For instance, deaths from overdosing on prescription opioids has risen dramatically since 2000 - with over 14,000 deaths reported in 2014. Among these drugs is OxyContin, which is sold as an extended released painkiller based on oxycodone. The substance is prescribed in different doses for the treatment of significantly chronic and severe pain conditions.
Although the drug comes with several legitimate medical uses, some people seek it out for abuse. Non-medically, therefore, OxyContin is used to help the user achieve a happy and pleasurable high.
However, this nonmedical use may cause you to take the substance in large quantities, consume it through alternate modes of administration, and ingest it in ways that will override the controlled release mechanism, or take it without a prescription or oversight from a physician. When this happens, OxyContin can prove dangerous and even lead to a fatal overdose.
Overdosing on this drug will occur when you intentionally or accidentally take too much of it. Unintentional overdose may happen when you feel that you are not experiencing adequate pain relief when you follow your doctor's prescription. On the other hand, intentional overdose happens when you know how potent the drug is and you still try to get high or take your own life by ingesting extra pills.

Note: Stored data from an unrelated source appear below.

Lemma arcs_of_edge x y : g x y ->
  [set p in arcs | [set p.1; p.2] == [set x; y]] = [set (x, y); (y, x)].
Proof.
case: gsimple => sym irr gxy.
have xy : x != y by apply/eqP => e; move: gxy; rewrite e irr.
apply/setP => -[a b]; rewrite !inE /=; apply/idP/idP.
- move=> /andP[gab /eqP hs].
  have ha : a \in [set x; y] by rewrite -hs !inE eqxx.
  have hb : b \in [set x; y] by rewrite -hs !inE eqxx orbT.
  have ab : a != b by apply/eqP => e; move: gab; rewrite e irr.
  move: ha hb; rewrite !inE !xpair_eqE.
  case/orP=> /eqP ea; case/orP=> /eqP eb; subst;
    rewrite ?eqxx ?(negbTE xy) //= ?andbT ?orbT //; by rewrite eqxx in ab.
- case/orP=> /eqP [-> ->]; first by rewrite gxy eqxx.
  by rewrite sym gxy setUC eqxx.
Qed.

Lemma handshake : 2 * nedges g = degsum setT.
Proof.
case: (gsimple) => sym irr.
pose Es := [set E : {set T} | [exists x, exists y, g x y && (E == [set x; y])]].
rewrite degsum_arcs /nedges -/Es.
have -> : #|arcs| = \sum_(p in arcs) \sum_(E in Es) ([set p.1; p.2] == E).
  rewrite -sum1_card; apply: eq_bigr => p pA.
  have pE : [set p.1; p.2] \in Es.
    rewrite inE; apply/existsP; exists p.1; apply/existsP; exists p.2.
    by rewrite eqxx andbT; move: pA; rewrite inE.
  rewrite (bigD1 _ pE) /= eqxx big1 // => E /andP[_ hE].
  by rewrite eq_sym (negbTE hE).
rewrite exchange_big /= mulnC -sum_nat_const.
apply: eq_bigr => E; rewrite inE => /existsP[x /existsP[y /andP[gxy /eqP ->]]].
have xy : x != y by apply/eqP => e; move: gxy; rewrite e irr.
by rewrite -card_sep_sum arcs_of_edge // cards2 xpair_eqE negb_and xy.
Qed.

End DegreeSums.

Lemma handshake_sum (T : finType) (g : rel T) : simple_graph g ->
  2 * nedges g = \sum_x \sum_y g x y.
Proof.
move=> gs; rewrite handshake // /degsum /deg_in sum_setT.
by apply: eq_bigr => x _; rewrite sum_setT.
Qed.
Lemma poly_deg_le_lin n f g l m :
  poly_deg_le n f -> poly_deg_le n g -> poly_deg_le n (fun x => l * f x + m * g x).
Proof.
  revert f g; induction n as [|n IH]; simpl; intros f g Hf Hg.
  - intros x y; rewrite (Hf x y), (Hg x y); reflexivity.
  - intros a; destruct (Hf a) as [f1 [Hf1 Ef]], (Hg a) as [g1 [Hg1 Eg]].
    exists (fun x => l * f1 x + m * g1 x); split; [now apply IH|].
    intros x; rewrite (Ef x), (Eg x); ring.
Qed.

Lemma poly_deg_le_S n f : poly_deg_le n f -> poly_deg_le (S n) f.
Proof.
  revert f; induction n as [|n IH]; intros f Hf.
  - intros a; exists (fun _ => 0); split; [apply poly_deg_le_const|].
    intros x; simpl in Hf; rewrite (Hf x a); ring.
  - intros a; destruct (Hf a) as [g [Hg Ef]]; exists g; split; [now apply IH | exact Ef].
Qed.

Lemma poly_deg_le_mul_affine n f al be :
  poly_deg_le n f -> poly_deg_le (S n) (fun x => (al * x + be) * f x).
Proof.
  revert f; induction n as [|n IH]; intros f Hf a.
  - exists (fun _ => al * f a); split; [apply poly_deg_le_const|].
    intros x; simpl in Hf; rewrite (Hf x a); ring.
  - destruct (Hf a) as [g [Hg Ef]].
    exists (fun x => 1 * (al * f a) + 1 * ((al * x + be) * g x)); split.
    + apply poly_deg_le_lin; [apply poly_deg_le_const | now apply IH].
    + intros x; rewrite (Ef x); ring.
Qed.
(* the correlation is the trace form of X (x) 1 and 1 (x) Y *)
Lemma feasible_corr_le2 m n (rho : 'M[C]_(m * n)) X Y :
  density rho -> mc_feasible rho X Y ->
  cmod (\tr (rho *m (X *t ctrans Y))) <= 2.
Proof.
move=> [herm [psd _]] [_ [_ [normX normY]]].
have := cmod_trform_le herm psd (X *t (1%:M : 'M[C]_n)) ((1%:M : 'M[C]_m) *t Y).
rewrite /trform !ctrans_tens !ctrans1 !tensmx_mul !mulmx1 !mul1mx.
by rewrite -mxtrace_ptraceB -mxtrace_ptraceA normX normY /= -[2]/(1 + 1).
Qed.

Lemma max_corr_ge0 m n (rho : 'M[C]_(m * n)) : 0 <= max_corr rho.
Proof.
rewrite /max_corr; set E := (X in sup X).
have [[[r Er] E_ub]|noSup] := pselect (has_sup E); last by rewrite sup_out.
apply: le_trans (ub_le_sup E_ub Er).
by case: Er => X [Y [_ ->]]; apply: cmod_ge0.
Qed.

Lemma feasible_le_max_corr m n (rho : 'M[C]_(m * n)) X Y :
  density rho -> mc_feasible rho X Y ->
  cmod (\tr (rho *m (X *t ctrans Y))) <= max_corr rho.
Proof.
move=> rho_density feas; apply: ub_le_sup; last by exists X, Y.
by exists 2 => _ [X' [Y' [feas' ->]]]; apply: feasible_corr_le2.
Qed.

End PartialTrace.

Section PositiveEntries.
Variables (R : realType) (d : nat) (rho : 'M[R[i]]_d).
Local Notation C := R[i].

Lemma qform_delta (k l : 'I_d) :
  (ctrans (delta_mx k 0 : 'cV[C]_d) *m rho *m (delta_mx l 0 : 'cV[C]_d)) 0 0 = rho k l.
Proof. by rewrite ctrans_delta -(rowE k rho) -colE !mxE. Qed.

Lemma qform_delta2 (a b : C) (k l : 'I_d) :
  let v : 'cV[C]_d := a *: delta_mx k 0 + b *: delta_mx l 0 in
  (ctrans v *m rho *m v) 0 0 =
  a^* * a * rho k k + a^* * b * rho k l + b^* * a * rho l k + b^* * b * rho l l.
Proof.
rewrite /= ctransD !ctransZ !(mulmxDl, mulmxDr) -!scalemxAl -!scalemxAr.
set Pkk := (X in a^* *: (a *: X)); set Plk := (X in b^* *: (a *: X)).
set Pkl := (X in a^* *: (b *: X)); set Pll := (X in b^* *: (b *: X)).
have [ekk elk ekl ell] : [/\ Pkk 0 0 = rho k k, Plk 0 0 = rho l k,
                        Pkl 0 0 = rho k l & Pll 0 0 = rho l l] by split; apply: qform_delta.
clearbody Pkk Plk Pkl Pll; rewrite !mxE ekk elk ekl ell !mulrA.
move: (_ * _ * rho k k) (_ * _ * rho l k) (_ * _ * rho k l) (_ * _ * rho l l) => x1 x2 x3 x4.
ring.
Qed.

Hypothesis herm : ctrans rho = rho.
Hypothesis psd : forall v : 'cV[C]_d, 0 <= (ctrans v *m rho *m v) 0 0.

Lemma psd_diag_real k : rho k k = (Re (rho k k))%:C.
Proof.
have := psd (delta_mx k 0); rewrite qform_delta.
by case: (rho k k) => a b; rewrite lecE /= => /andP [/eqP -> _].
Qed.

Lemma Re_psd_diag_ge0 k : 0 <= Re (rho k k).
Proof.
have := psd (delta_mx k 0); rewrite qform_delta.
by case: (rho k k) => a b; rewrite lecE /= => /andP [_].
Qed.

Lemma psd_Re_quad k l (x y : R) :
  0 <= Re (rho k k) * x ^+ 2 + 2 * Re (rho k l) * x * y + Re (rho l l) * y ^+ 2.
Proof.
have := psd (x%:C *: delta_mx k 0 + y%:C *: delta_mx l 0).
rewrite qform_delta2 (psd_diag_real k) (psd_diag_real l).
have -> : rho l k = (rho k l)^* by rewrite -{1}herm !mxE.
move: (Re (rho k k)) (Re (rho l l)) (rho k l) => p q [a b].
rewrite lecE /Num.conj /=; simpc => /andP [_].
by congr (0 <= _); ring.
Qed.

End PositiveEntries.

Lemma quad_form_sq_le (R : realFieldType) (a b c : R) :
  (forall x y, 0 <= a * x ^+ 2 + 2 * b * x * y + c * y ^+ 2) -> b ^+ 2 <= a * c.
Proof.
move=> q_ge0.
have := q_ge0 1 0; have := q_ge0 0 1; have := q_ge0 1 1; have := q_ge0 1 (-1).
have := q_ge0 b (-a); have := q_ge0 c (-b).
rewrite !expr2 => hc ha h11 h1N1 c_ge0 a_ge0.
have [ac0|ac_gt0] := eqVneq (a + c) 0; first by nra.
have : 0 <= (a + c) * (a * c - b * b) by nra.
by rewrite pmulr_rge0; nra.
Qed.

Section RealDiagonalObservables.
Variable R : realType.
Local Notation C := R[i].

Definition real_diag n (x : 'I_n -> R) : 'M[C]_n := diag_mx (\row_i (x i)%:C).

Lemma ctrans_real_diag n (x : 'I_n -> R) : ctrans (real_diag x) = real_diag x.
Proof.
apply/matrixP => i j; rewrite !mxE.
have [->|_] := eqVneq i j; rewrite ?mulr1n ?mulr0n; [exact: conjc_real | exact: conjc0].
Qed.

Lemma real_diag_mul n (x y : 'I_n -> R) :
  real_diag x *m real_diag y = real_diag (fun i => x i * y i).
Proof.
by rewrite /real_diag mulmx_diag; congr diag_mx; apply/rowP => i; rewrite !mxE rmorphM.
Qed.

Lemma mxtrace_mul_real_diag n (A : 'M[C]_n) (x : 'I_n -> R) :
  \tr (A *m real_diag x) = \sum_i A i i * (x i)%:C.
Proof. by rewrite mul_mx_diag; apply: eq_bigr => i _; rewrite !mxE. Qed.

Lemma mxtrace_tens_real_diag m n (rho : 'M[C]_(m * n)) (x : 'I_m -> R) (y : 'I_n -> R) :
  \tr (rho *m (real_diag x *t real_diag y)) =
  \sum_i \sum_j rho (tidx i j) (tidx i j) * (x i * y j)%:C.
Proof.
rewrite /mxtrace sum_tidx; apply: eq_bigr => i _; apply: eq_bigr => j _.
rewrite mxE sum_tidx (bigD1 i) //= [X in _ + X]big1 ?addr0; last first.
  move=> i' i'i; apply: big1 => j' _.
  by rewrite /tidx tensmxE !mxE (negbTE i'i) mulr0n mul0r mulr0.
rewrite (bigD1 j) //= big1 ?addr0; last first.
  by move=> j' j'j; rewrite /tidx tensmxE !mxE (negbTE j'j) mulr0n mulr0 mulr0.
by rewrite /tidx tensmxE !mxE !eqxx !mulr1n rmorphM.
Qed.

Variables (m n : nat) (rho : 'M[C]_(m * n)).
Hypothesis psd : forall v : 'cV[C]_(m * n), 0 <= (ctrans v *m rho *m v) 0 0.

Definition diag_dist (i : 'I_m) (j : 'I_n) : R := Re (rho (tidx i j) (tidx i j)).

Lemma sum_diag_dist (f : 'I_m -> 'I_n -> R) :
  \sum_i \sum_j rho (tidx i j) (tidx i j) * (f i j)%:C =
  (\sum_i \sum_j diag_dist i j * f i j)%:C.
Proof.
rewrite rmorph_sum; apply: eq_bigr => i _; rewrite rmorph_sum.
by apply: eq_bigr => j _; rewrite rmorphM {1}(psd_diag_real psd).
Qed.
Definition total_variance : R := fine (\int[Q]_s (sqnorm (v s - m))%:E).

Lemma total_variance_ge0 : (0 <= total_variance)%R.
Proof. by apply/fine_ge0/integral_ge0 => s _; rewrite lee_fin sqnorm_ge0. Qed.

Lemma integral_sqnorm_dev :
  \int[Q]_s (sqnorm (v s - m))%:E = total_variance%:E.
Proof. by rewrite fineK//; exact: integrable_fin_num. Qed.

Lemma integrable_dev j : Q.-integrable setT (fun s => ((v s - m) 0 j)%:E).
Proof.
under eq_fun do rewrite !mxE EFinB.
by apply: integrableB => //; exact: finite_measure_integrable_cst.
Qed.

Lemma integral_dev j : \int[Q]_s ((v s - m) 0 j)%:E = 0.
Proof.
under eq_integral do rewrite !mxE EFinB.
rewrite integralB_EFin//; [|exact: v_int|exact: finite_measure_integrable_cst].
by rewrite v_mean integral_cst// [X in _ * X]probability_setT mule1 subee.
Qed.

Lemma integrable_lin_dev (c : 'I_d -> R) :
  Q.-integrable setT (fun s => (\sum_(j < d) c j * (v s - m) 0 j)%:E).
Proof.
under eq_fun do rewrite -sumEFin.
apply: integrable_sum => // j _; under eq_fun do rewrite EFinM.
exact/integrableZl/integrable_dev.
Qed.

Lemma integral_lin_dev (c : 'I_d -> R) :
  \int[Q]_s (\sum_(j < d) c j * (v s - m) 0 j)%:E = 0.
Proof.
under eq_integral do rewrite -sumEFin.
rewrite integral_sum//; last first.
  by move=> j; under eq_fun do rewrite EFinM; exact/integrableZl/integrable_dev.
rewrite big1// => j _; under eq_integral do rewrite EFinM.
by rewrite integralZl ?integral_dev ?mule0//; exact: integrable_dev.
Qed.

Lemma integral_affine_sqnorm (b : 'rV[R]_d) (al be : R) :
  \int[Q]_s (al * sqnorm (b + v s) + be)%:E
  = (al * (sqnorm (b + m) + total_variance) + be)%:E.
Proof.
pose c j := (2 * al * (b + m) 0 j)%R.
pose A := (al * sqnorm (b + m) + be)%R.
have decomp s : (al * sqnorm (b + v s) + be = A
    + \sum_(j < d) c j * (v s - m) 0 j + al * sqnorm (v s - m))%R.
  have -> : (b + v s = (b + m) + (v s - m))%R by rewrite -addrA [(m + _)%R]addrC subrK.
  have -> : (\sum_(j < d) c j * (v s - m) 0 j
      = al * \sum_(j < d) 2 * (b + m) 0 j * (v s - m) 0 j)%R.
    by rewrite mulr_sumr; apply: eq_bigr => j _; rewrite /c; ring.
  by rewrite sqnormD /A; ring.
have iC : Q.-integrable setT (fun s => (al * sqnorm (v s - m))%:E).
  by under eq_fun do rewrite EFinM; exact: integrableZl.
under eq_integral do rewrite decomp !EFinD.
rewrite integralD//; last first.
  apply: integrableD => //; [exact: finite_measure_integrable_cst|].
  exact: integrable_lin_dev.
rewrite integralD//; [|exact: finite_measure_integrable_cst|exact: integrable_lin_dev].
rewrite integral_lin_dev adde0 integral_cst// [X in _ * X]probability_setT mule1.
under eq_integral do rewrite EFinM.
by rewrite integralZl// integral_sqnorm_dev -EFinM -EFinD /A; congr (_%:E); ring.
Qed.

Lemma iidE_affine_sqnorm_sum n (a : 'rV[R]_d) (al be : R) :
  iidE Q n (fun ys => (al * sqnorm (a + \sum_(y <- ys) v y) + be)%:E)
  = (al * (sqnorm (a + n%:R *: m) + n%:R * total_variance) + be)%:E.
Proof.
elim: n a al be => [|n IH] a al be /=.
  by rewrite big_nil scale0r !addr0 mul0r addr0.
under eq_integral => s _.
  rewrite (_ : (fun ys => _) = (fun ys =>
      (al * sqnorm ((a + v s) + \sum_(y <- ys) v y) + be)%:E)); last first.
    by apply: funext => ys; rewrite big_cons addrA.
  rewrite IH (_ : (al * (sqnorm (a + v s + n%:R *: m) + n%:R * total_variance)
      + be = al * sqnorm ((a + n%:R *: m) + v s)
      + (al * (n%:R * total_variance) + be))%R); last by rewrite addrAC; ring.
  over.
have -> : (n.+1%:R *: m = n%:R *: m + m)%R by rewrite mulrSr scalerDl scale1r.
by rewrite integral_affine_sqnorm mulrSr [in RHS]addrA; congr (_%:E); ring.
Qed.
End total_variance.

Section iidE_monotone.
Local Open Scope ereal_scope.
Context dX (X : measurableType dX) (R : realType) (Q : probability X R).

Lemma iidE_ge0 n (F : seq X -> \bar R) :
  (forall xs, 0 <= F xs) -> 0 <= iidE Q n F.
Proof.
elim: n F => [|n IH] F F0 /=; first exact: F0.
by apply: integral_ge0 => s _; exact: IH.
Qed.

Lemma ge0_le_iidE n (F G : seq X -> \bar R) :
  (forall xs, 0 <= F xs) -> (forall xs, F xs <= G xs) ->
  iidE Q n F <= iidE Q n G.
Proof.
elim: n F G => [|n IH] F G F0 FG /=; first exact: FG.
(* [ge0_le_integral] would require the partial integrals to be measurable. *)
have := @integral_le_affine _ _ _ Q (fun s => iidE Q n (fun xs => F (s :: xs)))
  (fun s => iidE Q n (fun xs => G (s :: xs))) 1 0 ltr01 (lexx 0).
rewrite mul1e adde0; apply => s; first exact: iidE_ge0.
  by apply: iidE_ge0 => xs; exact: le_trans (FG _).
by rewrite mul1e adde0; exact: IH.
Qed.
End iidE_monotone.

Lemma probability_setT_neq0 dX (X : measurableType dX) (R : realType)
    (Q : probability X R) : [set: X] !=set0.
Proof.
apply/set0P/negP => /eqP X0; have := probability_setT Q.
by rewrite X0 measure0 => /esym/eqP; rewrite gt_eqF// lte01.
Qed.
(* Let $\mathcal A$ and $\mathcal B$ be Banach algebras and $\varphi:\mathcal A\to\mathcal B$ a continuous homomorphism with dense range. Let $I$ be a closed ideal of $\mathcal A$ and $J$ a closed ideal of $\mathcal B$ with $\varphi(I)\subseteq J$. If $\mathcal A$ has a bounded approximate identity modulo $I$, then $\mathcal B$ has a bounded approximate identity modulo $J$.
   Context: A Banach algebra $\mathcal A$ has a bounded approximate identity modulo a closed ideal $I$ if there is a bounded net $(u_\alpha)$ in $\mathcal A$ with $\lim_\alpha u_\alpha a=\lim_\alpha au_\alpha=a$ for all $a\in\mathcal A\setminus I$. *)

From HB Require Import structures.
From mathcomp Require Import all_boot all_order all_algebra.
From mathcomp Require Import all_classical all_reals all_analysis.
Set Implicit Arguments. Unset Strict Implicit. Unset Printing Implicit Defensive.
Import Order.TTheory GRing.Theory Num.Theory.
Import numFieldNormedType.Exports.
Local Open Scope classical_set_scope.
Local Open Scope ring_scope.

Definition banach_mul (K : numFieldType) (A : completeNormedModType K)
    (mul : A -> A -> A) : Prop :=
  [/\ (forall x y z, mul x (mul y z) = mul (mul x y) z),
      ((forall x y z, mul (x + y) z = mul x z + mul y z) /\
      (forall x y z, mul x (y + z) = mul x y + mul x z)),
      (forall (k : K) x y, mul (k *: x) y = k *: mul x y),
      (forall (k : K) x y, mul x (k *: y) = k *: mul x y)
    & (forall x y, `|mul x y| <= `|x| * `|y|)].

Definition alg_hom (K : numFieldType) (A B : completeNormedModType K)
    (mulA : A -> A -> A) (mulB : B -> B -> B) (phi : A -> B) : Prop :=
  [/\ (forall x y, phi (x + y) = phi x + phi y),
      (forall (k : K) x, phi (k *: x) = k *: phi x)
    & (forall x y, phi (mulA x y) = mulB (phi x) (phi y))].

Definition closed_ideal (K : numFieldType) (A : completeNormedModType K)
    (mul : A -> A -> A) (I : set A) : Prop :=
  [/\ closed I, I 0,
      (forall x y, I x -> I y -> I (x + y)),
      (forall (k : K) x, I x -> I (k *: x))
    & (forall a x, I x -> I (mul a x) /\ I (mul x a))].

Definition has_bai_mod (K : numFieldType) (A : completeNormedModType K)
    (mul : A -> A -> A) (I : set A) : Prop :=
  exists (D : Type) (le : D -> D -> Prop) (u : D -> A),
    [/\ ((forall d, le d d) /\
        (forall d1 d2 d3, le d1 d2 -> le d2 d3 -> le d1 d3)),
        (exists d : D, True),
        (forall d1 d2, exists d3, le d1 d3 /\ le d2 d3),
        (exists M : K, forall d, `|u d| <= M)
      & (forall a, ~ I a ->
           forall e : K, 0 < e -> exists d0, forall d, le d0 d ->
             `|mul (u d) a - a| < e /\ `|mul a (u d) - a| < e)].

From HB Require Import structures.
From mathcomp Require Import all_boot all_order all_algebra.
From mathcomp Require Import all_classical all_reals all_analysis.
Set Implicit Arguments. Unset Strict Implicit. Unset Printing Implicit Defensive.
Import Order.TTheory GRing.Theory Num.Theory.
Import numFieldNormedType.Exports.
Local Open Scope classical_set_scope.
Local Open Scope ring_scope.

(* The image net (phi u_alpha) is bounded and, phi being a bounded
   homomorphism, it acts as an approximate unit on phi a whenever a is outside
   I.  For a bounded net, the set of elements on which it acts as an
   approximate unit is closed.  As phi has dense range and the complement of J
   is open, every b outside J is a limit of points phi a outside J, and such an
   a lies outside I because phi maps I into J. *)

Lemma open_subset_closureI (T : topologicalType) (S U : set T) :
  closure S = setT -> open U -> U `<=` closure (S `&` U).
Proof.
move=> denseS oU x Ux N Nx.
have NUx : nbhs x (N `&` U) by apply: filterI => //; exact: open_nbhs_nbhs.
have clSx : closure S x by rewrite denseS.
by have [y [Sy [Ny Uy]]] := clSx _ NUx; exists y.
Qed.

Lemma continuous_linear_norm_le (K : numFieldType) (V W : normedModType K)
    (f : {linear V -> W}) :
  continuous f -> exists2 C : K, 0 < C & forall x, `|f x| <= C * `|x|.
Proof.
by move=> /(_ 0) /continuous_linear_bounded /linear_boundedP /pinfty_ex_gt0.
Qed.

Section BanachAlgebra.
Variables (K : numFieldType) (A : completeNormedModType K) (mul : A -> A -> A).
Hypothesis mul_banach : banach_mul mul.

Lemma banach_mulBr x y z : mul x (y - z) = mul x y - mul x z.
Proof.
case: mul_banach => _ [_ mulDr] _ mulZr _.
by rewrite mulDr -scaleN1r mulZr scaleN1r.
Qed.

Lemma banach_mulBl x y z : mul (y - z) x = mul y x - mul z x.
Proof.
case: mul_banach => _ [mulDl _] mulZl _ _.
by rewrite mulDl -scaleN1r mulZl scaleN1r.
Qed.

Lemma norm_banach_mul_le x y : `|mul x y| <= `|x| * `|y|.
Proof. by case: mul_banach. Qed.

Lemma norm_mul_subr_le v b b' :
  `|mul v b - b| <= `|v| * `|b - b'| + `|mul v b' - b'| + `|b' - b|.
Proof.
have -> : mul v b - b = mul v (b - b') + (mul v b' - b') + (b' - b).
  by rewrite banach_mulBr !addrA !subrK.
rewrite (le_trans (ler_normD _ _)) // lerD2r (le_trans (ler_normD _ _)) //.
by rewrite lerD2r norm_banach_mul_le.
Qed.

Lemma norm_mul_subl_le v b b' :
  `|mul b v - b| <= `|b - b'| * `|v| + `|mul b' v - b'| + `|b' - b|.
Proof.
have -> : mul b v - b = mul (b - b') v + (mul b' v - b') + (b' - b).
  by rewrite banach_mulBl !addrA !subrK.
rewrite (le_trans (ler_normD _ _)) // lerD2r (le_trans (ler_normD _ _)) //.
by rewrite lerD2r norm_banach_mul_le.
Qed.

Definition approx_unit_at (D : Type) (le : D -> D -> Prop) (u : D -> A) (a : A) :=
  forall e : K, 0 < e -> exists d0, forall d, le d0 d ->
    `|mul (u d) a - a| < e /\ `|mul a (u d) - a| < e.

Lemma closed_approx_unit_at (D : Type) (le : D -> D -> Prop) (u : D -> A) (M : K) :
  (forall d, `|u d| <= M) -> closed (approx_unit_at le u).
Proof.
move=> uM b clb e e0.
(* [M] can be negative when [D] is empty, hence [`|M|] below. *)
have M1 : 0 < `|M| + 1 by rewrite ltr_wpDl.
have e2 : 0 < e / 2 by rewrite divr_gt0.
set eps := e / 2 / (`|M| + 1).
have eps0 : 0 < eps by rewrite divr_gt0.
have [b' [ub' bb']] := clb _ (nbhsx_ballx b eps eps0).
rewrite -ball_normE /= in bb'.
have epsE : (`|M| + 1) * eps = e / 2 by rewrite mulrC divfK ?gt_eqF.
have small d : `|u d| * `|b - b'| + `|b' - b| < e / 2.
  have uM' : `|u d| <= `|M|.
    by apply: le_trans (uM d) (real_ler_norm (ger0_real (le_trans _ (uM d)))).
  rewrite [`|b' - b|]distrC -[X in _ + X]mul1r -mulrDl.
  apply: le_lt_trans (ler_wpM2r (normr_ge0 _) (lerD uM' (lexx 1))) _.
  by rewrite -epsE ltr_pM2l.
have [d0 hd0] := ub' _ e2.
exists d0 => d /hd0 [ubl ubr]; rewrite (splitr e); split.
- apply: le_lt_trans (norm_mul_subr_le _ _ b') _.
  by rewrite addrAC ltrD.
- apply: le_lt_trans (norm_mul_subl_le _ _ b') _.
  by rewrite addrAC mulrC ltrD.
Qed.

End BanachAlgebra.

Lemma approx_unit_at_map (K : numFieldType) (A B : completeNormedModType K)
    (mulA : A -> A -> A) (mulB : B -> B -> B) (f : {linear A -> B}) (C : K)
    (D : Type) (le : D -> D -> Prop) (u : D -> A) (a : A) :
  0 < C -> (forall x, `|f x| <= C * `|x|) ->
  (forall x y, f (mulA x y) = mulB (f x) (f y)) ->
  approx_unit_at mulA le u a -> approx_unit_at mulB le (f \o u) (f a).
Proof.
move=> C0 fC fM ua e e0.
have [d0 hd0] := ua _ (divr_gt0 e0 C0).
have fsmall x : `|x| < e / C -> `|f x| < e.
  by move=> xe; rewrite (le_lt_trans (fC x)) // mulrC -ltr_pdivlMr.
by exists d0 => d /hd0 [l r] /=; rewrite -!fM -!linearB !fsmall.
Qed.

Theorem corollary3p6 (K : numFieldType) (A B : completeNormedModType K)
    (mulA : A -> A -> A) (mulB : B -> B -> B) (phi : A -> B)
    (I : set A) (J : set B) :
  banach_mul mulA -> banach_mul mulB ->
  alg_hom mulA mulB phi -> continuous phi ->
  closure (range phi) = setT ->
  closed_ideal mulA I -> closed_ideal mulB J ->
  phi @` I `<=` J ->
  has_bai_mod mulA I -> has_bai_mod mulB J.
Proof.
move=> _ bB [phiD phiZ phiM] phic denseR _ [Jcl _ _ _ _] phiIJ
  [D [le [u [preorder ne dir [M uM] uI]]]].
pose f : {linear A -> B} :=
  HB.pack phi (GRing.isSemilinear.Build K A B *:%R phi (phiZ, phiD)).
have [C C0 fC] := continuous_linear_norm_le (f := f) phic.
have fuM d : `|f (u d)| <= C * M.
  by rewrite (le_trans (fC _)) // ler_pM2l.
exists D, le, (phi \o u); split => //; first by exists (C * M).
move=> b nJb; apply: (closed_approx_unit_at bB fuM).
apply: closureS (open_subset_closureI denseR (closed_openC Jcl) nJb).
move=> _ [[a _ <-] nJa]; apply: (approx_unit_at_map (f := f) C0 fC phiM).
by apply: uI => Ia; apply: nJa; apply: phiIJ; exists a.
Qed.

Read on to learn more about OxyContin and its potential for overdose:
At its most basic, OxyContin is a synthetic opioid commonly prescribed for the treatment of pain. As a time release form of oxycodone, it is also used for non-medical purposes by close to 2% of people over the age of 12.
On the other hand, the rates of overdose from opioids like OxyContin has been increasing by 200% from 2000 to 2014. This makes the drug especially dangerous for doctors prescribing it and users taking the medication.
Additionally, close to 19000 people died after overdosing on prescription opioids such as OxyContin in 2014. Therefore, you can be sure that an overdose might prove fatal unless you get it treated promptly.
The factors that tend to lead to such tragedies may develop gradually. For instance, if you use OxyContin consistently, you may develop tolerance to it. When this happens, your body will become used to the medication meaning that your usual dose may prove ineffective at treating pain.
At times, this might cause you to start increasing your dose even without approval from your doctor. Doing this, however, will increase your risk of suffering an overdose from the drug.
In most cases, using OxyContin often causes dependence to develop rather quickly. At this point, your body will start needing the medication to function normally. This phenomenon might eventually lead to an addiction. This is why doctors recommend that you use the drug with caution and according to the guidelines of your prescription.
In fact, overdose from OxyContin might happen even if you are taking the drug exactly as your doctor prescribed. However, the instances of overdose are more common if you abuse the drug.
As we mentioned earlier, OxyContin comes with a rather high potential for tolerance, dependence, abuse, and eventual addiction. Since it works by depressing the CNS (central nervous system), people who abuse this drug might present some signs that are specific and easy to identify. These signs include:
On the other hand, when you increase your use of OxyContin, you may suffer additional side effects that might be deadly. For instance, you might experience respiratory arrest and profoundly slowed breathing.
Additional signs that your abuse of the drug has developed into an active and serious addiction include intense cravings for it and continued use in spite of the negative consequences it has on your life. These signs may point to the fact that you are on the way to suffering an overdose.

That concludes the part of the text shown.